*** Source data ***
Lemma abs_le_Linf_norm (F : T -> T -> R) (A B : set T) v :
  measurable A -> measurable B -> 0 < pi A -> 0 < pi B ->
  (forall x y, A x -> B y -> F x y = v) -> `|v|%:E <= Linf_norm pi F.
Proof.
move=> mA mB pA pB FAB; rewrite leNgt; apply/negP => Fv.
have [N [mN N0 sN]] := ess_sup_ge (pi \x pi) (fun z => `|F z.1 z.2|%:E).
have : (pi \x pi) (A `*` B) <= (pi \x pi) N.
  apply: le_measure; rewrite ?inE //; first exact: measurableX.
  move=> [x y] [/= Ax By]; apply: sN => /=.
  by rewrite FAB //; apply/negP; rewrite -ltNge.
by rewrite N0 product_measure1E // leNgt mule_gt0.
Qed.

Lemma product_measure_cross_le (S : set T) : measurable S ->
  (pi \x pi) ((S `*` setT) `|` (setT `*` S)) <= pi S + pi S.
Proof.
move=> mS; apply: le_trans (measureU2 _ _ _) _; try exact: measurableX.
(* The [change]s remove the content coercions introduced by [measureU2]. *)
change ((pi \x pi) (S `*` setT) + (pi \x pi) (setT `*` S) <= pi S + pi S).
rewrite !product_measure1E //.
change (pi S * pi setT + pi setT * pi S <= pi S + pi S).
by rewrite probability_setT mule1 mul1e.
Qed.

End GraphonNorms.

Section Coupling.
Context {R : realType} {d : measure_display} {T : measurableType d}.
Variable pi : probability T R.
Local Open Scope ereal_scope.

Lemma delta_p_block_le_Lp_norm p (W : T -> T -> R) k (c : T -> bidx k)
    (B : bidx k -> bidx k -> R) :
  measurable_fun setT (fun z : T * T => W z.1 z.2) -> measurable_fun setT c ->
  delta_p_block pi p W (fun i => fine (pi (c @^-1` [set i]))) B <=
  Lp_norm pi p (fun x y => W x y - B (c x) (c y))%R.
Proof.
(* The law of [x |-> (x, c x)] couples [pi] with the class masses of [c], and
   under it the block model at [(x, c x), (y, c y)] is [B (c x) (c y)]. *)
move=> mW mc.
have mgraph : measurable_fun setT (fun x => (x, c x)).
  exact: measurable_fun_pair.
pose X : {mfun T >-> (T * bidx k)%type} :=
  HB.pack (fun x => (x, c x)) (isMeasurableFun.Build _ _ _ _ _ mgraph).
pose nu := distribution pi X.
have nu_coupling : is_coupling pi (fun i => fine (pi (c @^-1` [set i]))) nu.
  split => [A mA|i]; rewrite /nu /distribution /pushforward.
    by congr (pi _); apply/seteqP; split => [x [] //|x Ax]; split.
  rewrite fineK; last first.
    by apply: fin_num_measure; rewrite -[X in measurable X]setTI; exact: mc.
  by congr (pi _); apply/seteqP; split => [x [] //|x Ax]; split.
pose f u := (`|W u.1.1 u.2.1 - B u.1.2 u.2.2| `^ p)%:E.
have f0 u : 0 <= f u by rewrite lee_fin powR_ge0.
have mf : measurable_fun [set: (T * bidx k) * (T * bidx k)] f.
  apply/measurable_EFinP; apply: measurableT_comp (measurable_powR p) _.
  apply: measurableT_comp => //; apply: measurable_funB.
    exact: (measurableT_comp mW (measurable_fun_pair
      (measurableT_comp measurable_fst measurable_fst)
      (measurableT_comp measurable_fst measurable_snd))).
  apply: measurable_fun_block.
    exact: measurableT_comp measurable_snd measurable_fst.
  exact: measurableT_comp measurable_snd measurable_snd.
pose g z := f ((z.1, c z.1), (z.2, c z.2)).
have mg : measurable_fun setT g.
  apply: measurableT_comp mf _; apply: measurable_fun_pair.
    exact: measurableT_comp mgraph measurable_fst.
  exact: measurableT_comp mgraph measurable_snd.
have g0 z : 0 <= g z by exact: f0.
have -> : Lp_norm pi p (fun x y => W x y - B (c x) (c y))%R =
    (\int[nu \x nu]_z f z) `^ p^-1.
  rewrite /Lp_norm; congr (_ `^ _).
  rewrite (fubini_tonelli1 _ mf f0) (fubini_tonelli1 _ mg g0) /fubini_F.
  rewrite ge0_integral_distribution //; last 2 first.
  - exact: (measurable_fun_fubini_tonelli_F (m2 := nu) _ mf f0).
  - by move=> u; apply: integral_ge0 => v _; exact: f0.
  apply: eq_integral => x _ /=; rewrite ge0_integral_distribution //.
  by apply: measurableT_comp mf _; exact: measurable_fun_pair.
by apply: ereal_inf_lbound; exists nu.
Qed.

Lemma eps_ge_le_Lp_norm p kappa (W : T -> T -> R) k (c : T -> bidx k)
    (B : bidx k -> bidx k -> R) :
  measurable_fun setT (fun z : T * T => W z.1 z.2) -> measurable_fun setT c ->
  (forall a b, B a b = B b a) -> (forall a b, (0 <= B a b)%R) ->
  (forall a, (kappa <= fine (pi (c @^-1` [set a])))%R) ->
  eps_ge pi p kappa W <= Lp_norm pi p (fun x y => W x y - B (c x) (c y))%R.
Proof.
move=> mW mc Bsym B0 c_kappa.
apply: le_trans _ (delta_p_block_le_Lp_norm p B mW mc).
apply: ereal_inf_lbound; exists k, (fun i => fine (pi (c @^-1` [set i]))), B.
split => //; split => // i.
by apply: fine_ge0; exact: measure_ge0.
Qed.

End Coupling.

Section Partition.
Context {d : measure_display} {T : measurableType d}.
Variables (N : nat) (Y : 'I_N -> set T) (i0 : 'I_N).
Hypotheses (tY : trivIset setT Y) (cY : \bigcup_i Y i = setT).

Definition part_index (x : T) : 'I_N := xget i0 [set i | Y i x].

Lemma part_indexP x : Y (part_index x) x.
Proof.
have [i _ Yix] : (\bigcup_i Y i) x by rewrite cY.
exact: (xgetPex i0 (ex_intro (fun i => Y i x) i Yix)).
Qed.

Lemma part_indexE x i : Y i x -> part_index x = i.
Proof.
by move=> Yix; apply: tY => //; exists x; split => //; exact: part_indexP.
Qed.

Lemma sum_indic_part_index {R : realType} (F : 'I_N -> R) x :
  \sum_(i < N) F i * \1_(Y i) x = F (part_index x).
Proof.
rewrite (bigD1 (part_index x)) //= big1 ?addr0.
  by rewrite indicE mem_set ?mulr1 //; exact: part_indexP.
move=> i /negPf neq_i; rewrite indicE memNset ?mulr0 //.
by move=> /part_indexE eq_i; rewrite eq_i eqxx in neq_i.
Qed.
***
## Your instructions
Set down each line of the data precisely as it appears above.

## Solution
Lemma abs_le_Linf_norm (F : T -> T -> R) (A B : set T) v :
  measurable A -> measurable B -> 0 < pi A -> 0 < pi B ->
  (forall x y, A x -> B y -> F x y = v) -> `|v|%:E <= Linf_norm pi F.
Proof.
move=> mA mB pA pB FAB; rewrite leNgt; apply/negP => Fv.
have [N [mN N0 sN]] := ess_sup_ge (pi \x pi) (fun z => `|F z.1 z.2|%:E).
have : (pi \x pi) (A `*` B) <= (pi \x pi) N.
  apply: le_measure; rewrite ?inE //; first exact: measurableX.
  move=> [x y] [/= Ax By]; apply: sN => /=.
  by rewrite FAB //; apply/negP; rewrite -ltNge.
by rewrite N0 product_measure1E // leNgt mule_gt0.
Qed.

Lemma product_measure_cross_le (S : set T) : measurable S ->
  (pi \x pi) ((S `*` setT) `|` (setT `*` S)) <= pi S + pi S.
Proof.
move=> mS; apply: le_trans (measureU2 _ _ _) _; try exact: measurableX.
(* The [change]s remove the content coercions introduced by [measureU2]. *)
change ((pi \x pi) (S `*` setT) + (pi \x pi) (setT `*` S) <= pi S + pi S).
rewrite !product_measure1E //.
change (pi S * pi setT + pi setT * pi S <= pi S + pi S).
by rewrite probability_setT mule1 mul1e.
Qed.

End GraphonNorms.

Section Coupling.
Context {R : realType} {d : measure_display} {T : measurableType d}.
Variable pi : probability T R.
Local Open Scope ereal_scope.

Lemma delta_p_block_le_Lp_norm p (W : T -> T -> R) k (c : T -> bidx k)
    (B : bidx k -> bidx k -> R) :
  measurable_fun setT (fun z : T * T => W z.1 z.2) -> measurable_fun setT c ->
  delta_p_block pi p W (fun i => fine (pi (c @^-1` [set i]))) B <=
  Lp_norm pi p (fun x y => W x y - B (c x) (c y))%R.
Proof.
(* The law of [x |-> (x, c x)] couples [pi] with the class masses of [c], and
   under it the block model at [(x, c x), (y, c y)] is [B (c x) (c y)]. *)
move=> mW mc.
have mgraph : measurable_fun setT (fun x => (x, c x)).
  exact: measurable_fun_pair.
pose X : {mfun T >-> (T * bidx k)%type} :=
  HB.pack (fun x => (x, c x)) (isMeasurableFun.Build _ _ _ _ _ mgraph).
pose nu := distribution pi X.
have nu_coupling : is_coupling pi (fun i => fine (pi (c @^-1` [set i]))) nu.
  split => [A mA|i]; rewrite /nu /distribution /pushforward.
    by congr (pi _); apply/seteqP; split => [x [] //|x Ax]; split.
  rewrite fineK; last first.
    by apply: fin_num_measure; rewrite -[X in measurable X]setTI; exact: mc.
  by congr (pi _); apply/seteqP; split => [x [] //|x Ax]; split.
pose f u := (`|W u.1.1 u.2.1 - B u.1.2 u.2.2| `^ p)%:E.
have f0 u : 0 <= f u by rewrite lee_fin powR_ge0.
have mf : measurable_fun [set: (T * bidx k) * (T * bidx k)] f.
  apply/measurable_EFinP; apply: measurableT_comp (measurable_powR p) _.
  apply: measurableT_comp => //; apply: measurable_funB.
    exact: (measurableT_comp mW (measurable_fun_pair
      (measurableT_comp measurable_fst measurable_fst)
      (measurableT_comp measurable_fst measurable_snd))).
  apply: measurable_fun_block.
    exact: measurableT_comp measurable_snd measurable_fst.
  exact: measurableT_comp measurable_snd measurable_snd.
pose g z := f ((z.1, c z.1), (z.2, c z.2)).
have mg : measurable_fun setT g.
  apply: measurableT_comp mf _; apply: measurable_fun_pair.
    exact: measurableT_comp mgraph measurable_fst.
  exact: measurableT_comp mgraph measurable_snd.
have g0 z : 0 <= g z by exact: f0.
have -> : Lp_norm pi p (fun x y => W x y - B (c x) (c y))%R =
    (\int[nu \x nu]_z f z) `^ p^-1.
  rewrite /Lp_norm; congr (_ `^ _).
  rewrite (fubini_tonelli1 _ mf f0) (fubini_tonelli1 _ mg g0) /fubini_F.
  rewrite ge0_integral_distribution //; last 2 first.
  - exact: (measurable_fun_fubini_tonelli_F (m2 := nu) _ mf f0).
  - by move=> u; apply: integral_ge0 => v _; exact: f0.
  apply: eq_integral => x _ /=; rewrite ge0_integral_distribution //.
  by apply: measurableT_comp mf _; exact: measurable_fun_pair.
by apply: ereal_inf_lbound; exists nu.
Qed.

Lemma eps_ge_le_Lp_norm p kappa (W : T -> T -> R) k (c : T -> bidx k)
    (B : bidx k -> bidx k -> R) :
  measurable_fun setT (fun z : T * T => W z.1 z.2) -> measurable_fun setT c ->
  (forall a b, B a b = B b a) -> (forall a b, (0 <= B a b)%R) ->
  (forall a, (kappa <= fine (pi (c @^-1` [set a])))%R) ->
  eps_ge pi p kappa W <= Lp_norm pi p (fun x y => W x y - B (c x) (c y))%R.
Proof.
move=> mW mc Bsym B0 c_kappa.
apply: le_trans _ (delta_p_block_le_Lp_norm p B mW mc).
apply: ereal_inf_lbound; exists k, (fun i => fine (pi (c @^-1` [set i]))), B.
split => //; split => // i.
by apply: fine_ge0; exact: measure_ge0.
Qed.

End Coupling.

Section Partition.
Context {d : measure_display} {T : measurableType d}.
Variables (N : nat) (Y : 'I_N -> set T) (i0 : 'I_N).
Hypotheses (tY : trivIset setT Y) (cY : \bigcup_i Y i = setT).

Definition part_index (x : T) : 'I_N := xget i0 [set i | Y i x].

Lemma part_indexP x : Y (part_index x) x.
Proof.
have [i _ Yix] : (\bigcup_i Y i) x by rewrite cY.
exact: (xgetPex i0 (ex_intro (fun i => Y i x) i Yix)).
Qed.

Lemma part_indexE x i : Y i x -> part_index x = i.
Proof.
by move=> Yix; apply: tY => //; exists x; split => //; exact: part_indexP.
Qed.

Lemma sum_indic_part_index {R : realType} (F : 'I_N -> R) x :
  \sum_(i < N) F i * \1_(Y i) x = F (part_index x).
Proof.
rewrite (bigD1 (part_index x)) //= big1 ?addr0.
  by rewrite indicE mem_set ?mulr1 //; exact: part_indexP.
move=> i /negPf neq_i; rewrite indicE memNset ?mulr0 //.
by move=> /part_indexE eq_i; rewrite eq_i eqxx in neq_i.
Qed.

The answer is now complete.